The district is up against a $9 million deficit this year, $6 million next year and $15.7 million the year after, according to a new analysis by the Fiscal Crisis and Management Assistance Team.

And those figures don’t account for costs related to the raises teachers are receiving as part of the new contract.

“What I want to make clear to folks is that this raise that teachers ratified yesterday is dependent on the school board making the reduction to next year’s budget,” said school board member Jody London, before she was interrupted by booing and shouting from the mostly student attendees in the hall.

The night before, the Oakland Education Association announced that 58 percent of its members had voted to approve salary raises totaling 11 percent over four years and modest class size reductions, effectively ending the strike.
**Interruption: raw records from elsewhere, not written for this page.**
Section NormalForm.
Variables (T : finType) (R : seq (word T)) (phi : T -> word T).
Hypothesis Hphi : induces_mono R phi.
Notation "u ~ v" := (pres_eq R u v) (at level 70).
Implicit Types (u v X : word T) (s : nat * word T * nat).

Lemma homn_pe n u v : u ~ v -> homn phi n u ~ homn phi n v.
Proof. by elim: n => //= n IH /IH; apply: Hphi.1. Qed.

Lemma homn_pe_inv n u v : homn phi n u ~ homn phi n v -> u ~ v.
Proof. by elim: n => //= n IH /Hphi.2 /IH. Qed.

(* The triple (i, X, j) stands for t^i X t^-j; [nf_cons x] multiplies it by x
   on the left, using t^-1 X = phi(X) t^-1 when no t is left to cancel. *)
Definition nf_cons (x : letter (hgen T)) s : nat * word T * nat :=
  let: (i, X, j) := s in
  match x with
  | (None, false) => (i.+1, X, j)
  | (None, true) => if i is i'.+1 then (i', X, j) else (0, hom_word phi X, j.+1)
  | (Some a, b) => (i, homn phi i [:: (a, b)] ++ X, j)
  end.

Definition nf (w : word (hgen T)) : nat * word T * nat :=
  foldr nf_cons (0, [::], 0) w.

(* Multiplying t^i X t^-j = t^i' X' t^-j' on the left by t^-(i + i') gives
   phi^i'(X) t^-(i' + j) = phi^i(X') t^-(i + j'). *)
Definition nf_eq s s' : Prop :=
  let: (i, X, j) := s in let: (i', X', j') := s' in
  i + j' = i' + j /\ homn phi i' X ~ homn phi i X'.

Lemma nf_eq_refl s : nf_eq s s.
Proof. by case: s => [[i X] j]; split=> //; apply: pe_refl. Qed.

Lemma nf_eq_sym s s' : nf_eq s s' -> nf_eq s' s.
Proof. by case: s s' => [[i X] j] [[i' X'] j'] [? /pe_sym]; split=> //; lia. Qed.

Lemma nf_eq_trans s1 s2 s3 : nf_eq s1 s2 -> nf_eq s2 s3 -> nf_eq s1 s3.
Proof.
case: s1 s2 s3 => [[i1 X1] j1] [[i2 X2] j2] [[i3 X3] j3] [E12 H12] [E23 H23].
split; first lia.
apply: (homn_pe_inv (n := i2)).
rewrite !homnD [i2 + i3]addnC [i2 + i1]addnC -!homnD.
apply: pe_trans (homn_pe i3 H12) _.
by rewrite homnD addnC -homnD; apply: homn_pe.
Qed.

Lemma nf_cons_eq x s s' : nf_eq s s' -> nf_eq (nf_cons x s) (nf_cons x s').
Proof.
case: s s' => [[i X] j] [[i' X'] j'] [E H].
case: x => [[a|] [|]] /=.
- by split=> //; rewrite !homn_cat !homnD addnC; apply: pe_ctxl.
- by split=> //; rewrite !homn_cat !homnD addnC; apply: pe_ctxl.
- case: i i' E H => [|i] [|i'] E H /=; split; try lia.
  + exact: Hphi.1 H.
  + by rewrite -homnSr.
  + by rewrite -homnSr.
  + exact: Hphi.2 H.
- by split; [lia | apply: Hphi.1].
Qed.

Lemma foldr_nf_eq w s s' :
  nf_eq s s' -> nf_eq (foldr nf_cons s w) (foldr nf_cons s' w).
Proof. by elim: w => //= x w IH /IH /nf_cons_eq. Qed.

Lemma foldr_nf_cons_liftw i X j Z :
  foldr nf_cons (i, X, j) (liftw Z) = (i, homn phi i Z ++ X, j).
Proof.
elim: Z => [|[a b] Z IH] /=; first by rewrite homn_nil.
by rewrite IH /= catA -homn_cat.
Qed.

Lemma nf_cons_cancel x s : nf_eq (nf_cons x (nf_cons (invl x) s)) s.
Proof.
case: s => [[i X] j]; case: x => [[a|] b] /=.
- split=> //; apply: homn_pe.
  rewrite -[[:: (a, ~~ b)]]/(invw [:: (a, b)]) homn_invw catA.
  exact: (pe_cancel_ctx R [::] X).
- by case: b; case: i => [|i] /=; split=> //; apply: pe_refl.
Qed.

Lemma nf_rel r s : r \in hnn_rels R phi -> nf_eq (foldr nf_cons s r) s.
Proof.
case: s => [[i X] j]; rewrite mem_cat => /orP [/mapP [r0 Hr0 ->]|/mapP [a _ ->]].
  rewrite foldr_nf_cons_liftw; split=> //; apply: homn_pe.
  have r0_nil : homn phi i r0 ~ [::].
    by rewrite -(homn_nil phi i); apply/homn_pe/pe_mem.
  by have := pe_ctxr X r0_nil.
rewrite foldr_cat invw_liftw foldr_nf_cons_liftw /=; split=> //; apply: homn_pe.
have hom_a : hom_word phi [:: (a, false)] = phi a by rewrite /hom_word /= cats0.
rewrite -homnS homnSr hom_a.
by rewrite homn_invw catA; have := pe_cancel_ctx R [::] X (homn phi i (phi a)).
Qed.

Lemma nf_pe w1 w2 : pres_eq (hnn_rels R phi) w1 w2 -> nf_eq (nf w1) (nf w2).
Proof.
elim=> {w1 w2} [w|w1 w2 _ /nf_eq_sym //|w1 w2 w3 _ H1 _ H2|p q x|p q r Hr].
- exact: nf_eq_refl.
- exact: nf_eq_trans H2.
- by rewrite /nf !foldr_cat; apply: foldr_nf_eq; apply: nf_cons_cancel.
- by rewrite /nf !foldr_cat; apply: foldr_nf_eq; apply: nf_rel.
Qed.

End NormalForm.

Section HNNRelations.
Variables (T : finType) (R : seq (word T)) (phi : T -> word T).
Notation "u ~ v" := (Defs.geq R phi u v) (at level 70).
Local Notation t := ((None, false) : letter (hgen T)).
Local Notation t' := ((None, true) : letter (hgen T)).

Definition phi_lift (a : T) (b : bool) : word (hgen T) :=
  liftw (hom_word phi [:: (a, b)]).

Lemma conj_rel_mem a :
  [:: t'; (Some a, false); t] ++ invw (liftw (phi a)) \in hnn_rels R phi.
Proof. by rewrite mem_cat; apply/orP; right; apply/mapP; exists a; rewrite ?mem_enum. Qed.

Lemma face_rot1 r : face_word R phi r -> face_word R phi (rot 1 r).
Proof.
move=> [r0 [k [Hr ->]]]; have [Hk|Hk] := leqP (size r0) k.
  by exists r0, 1; rewrite (rot_oversize Hk).
by exists r0, (1 + k); rewrite -rotD.
Qed.

Lemma face_down a b :
  face_word R phi ([:: t'; (Some a, b)] ++ invw (phi_lift a b ++ [:: t'])).
Proof.
rewrite invw_cat /= /phi_lift /hom_word /= cats0; case: b => /=.
  exists (invw ([:: t'; (Some a, false); t] ++ invw (liftw (phi a)))).
  exists (size (liftw (phi a))); split; first by right; rewrite invwK conj_rel_mem.
  by rewrite invw_cat invwK -invw_liftw invwK rot_size_cat.
exists ([:: t'; (Some a, false); t] ++ invw (liftw (phi a))), 0.
by split; [left; apply: conj_rel_mem | rewrite rot0].
Qed.

Lemma face_up a b :
  face_word R phi ([:: (Some a, b); t] ++ invw ([:: t] ++ phi_lift a b)).
Proof.
have -> : [:: (Some a, b); t] ++ invw ([:: t] ++ phi_lift a b) =
          rot 1 ([:: t'; (Some a, b)] ++ invw (phi_lift a b ++ [:: t'])).
  by rewrite !invw_cat /= rot1_cons -cats1.
exact/face_rot1/face_down.
Qed.

Lemma face_pe r : face_word R phi r -> r ~ [::].
Proof.
move=> [r0 [k [Hr ->]]]; apply: pe_rot; rewrite cat_take_drop.
by case: Hr => [|/pe_mem /pe_invw]; [apply: pe_mem | rewrite invwK].
Qed.

Lemma push_up a b : [:: (Some a, b); t] ~ [:: t] ++ phi_lift a b.
Proof. exact/pe_eq_cat_invw/face_pe/face_up. Qed.

Lemma push_down a b : [:: t'; (Some a, b)] ~ phi_lift a b ++ [:: t'].
Proof. exact/pe_eq_cat_invw/face_pe/face_down. Qed.

Lemma push_up_liftw Z : liftw Z ++ [:: t] ~ [:: t] ++ liftw (hom_word phi Z).
Proof.
elim: Z => [|[a b] Z IH]; first exact: pe_refl.
apply: pe_trans (pe_ctxl [:: (Some a, b)] IH) _.
rewrite -[(a, b) :: Z]cat1s hom_cat liftw_cat !catA.
by have := pe_ctxr (liftw (hom_word phi Z)) (push_up a b).
Qed.

Lemma push_up_tpow n Z :
  liftw Z ++ tpow n false ~ tpow n false ++ liftw (homn phi n Z).
Proof.
elim: n Z => [|n IH] Z; first by rewrite cats0; apply: pe_refl.
rewrite homnSr !tpowS -catA.
apply: pe_trans (_ : [:: t] ++ liftw (hom_word phi Z) ++ tpow n false ~ _).
  by have := pe_ctxr (tpow n false) (push_up_liftw Z); rewrite -!catA.
exact/pe_ctxl/IH.
Qed.

Lemma push_down_liftw Z : [:: t'] ++ liftw Z ~ liftw (hom_word phi Z) ++ [:: t'].
Proof.
elim: Z => [|[a b] Z IH]; first exact: pe_refl.
rewrite -[(a, b) :: Z]cat1s hom_cat liftw_cat.
apply: pe_trans (pe_ctxr (liftw Z) (push_down a b)) _.
by rewrite -!catA; apply: pe_ctxl.
Qed.

Lemma push_down_tpow n Z :
  tpow n true ++ liftw Z ~ liftw (homn phi n Z) ++ tpow n true.
Proof.
elim: n Z => [|n IH] Z; first by rewrite cats0; apply: pe_refl.
rewrite !tpowS -catA.
apply: pe_trans (pe_ctxl [:: t'] (IH Z)) _.
by have := pe_ctxr (tpow n true) (push_down_liftw (homn phi n Z)); rewrite -!catA.
Qed.

End HNNRelations.

Section Homotopy.
Variables (T : finType) (R : seq (word T)) (phi : T -> word T).
Variable S : word (hgen T) -> Prop.
Notation "u ~ v" := (Defs.geq R phi u v) (at level 70).
Notation htp := (htpy R phi S).
Local Notation t := ((None, false) : letter (hgen T)).
Local Notation t' := ((None, true) : letter (hgen T)).
Implicit Types (p q u v w : word (hgen T)) (Z : word T).

Lemma htpy_ctx g pre post u v :
  htp (g ++ pre) u v -> htp g (pre ++ u ++ post) (pre ++ v ++ post).
Proof.
elim=> {u v} [w|w1 w2 []|w1 w2 _ /ht_sym //|w1 w2 w3 _ H1 _ H2].
- exact: ht_refl.
- move=> u v x Hx.
  have Hx' : ~ S (g ++ (pre ++ u) ++ [:: x]) by rewrite -!catA in Hx *.
  by have := ht_step (hs_back R phi (v ++ post) Hx'); rewrite -!catA.
- move=> u v r Hr Hk.
  have Hk' k : k <= size r -> ~ S (g ++ (pre ++ u) ++ take k r).
    by move/Hk; rewrite -!catA.
  by have := ht_step (hs_face (v ++ post) Hr Hk'); rewrite -!catA.
- exact: ht_trans H2.
Qed.

Lemma htpy_ctxl g pre u v : htp (g ++ pre) u v -> htp g (pre ++ u) (pre ++ v).
Proof. by move/(htpy_ctx [::]); rewrite !cats0. Qed.

Lemma htpy_ctxr g post u v : htp g u v -> htp g (u ++ post) (v ++ post).
Proof. by rewrite -[g]cats0 => /(htpy_ctx post); rewrite cats0. Qed.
Each 1 percent pay increase for teachers and other school employees costs roughly $3.5 million, according to the district.

“Words cannot express how deeply grateful I am that this strike has come to a close,” Oakland schools Superintendent Kyla Johnson-Trammell said in a statement. “I’m happy that students have returned to school today, back into the safe, supportive learning environments created by our dedicated teachers.”

This was the school board's third attempt to vote on the cuts in less than a week. Two previous efforts were cancelled amid security concerns after protestors blocked board members from entering the building.

Johnson-Trammell said the district would try to secure funding through nonprofits and local public entities to save some of the programs on the chopping block.

She noted that while the district was on the right track, some difficult decisions still lay ahead.

"I understand the sense of urgency to fix all of our long-standing fiscal and systems issues, but the reality is that it will take a few years to stabilize the district,” she said.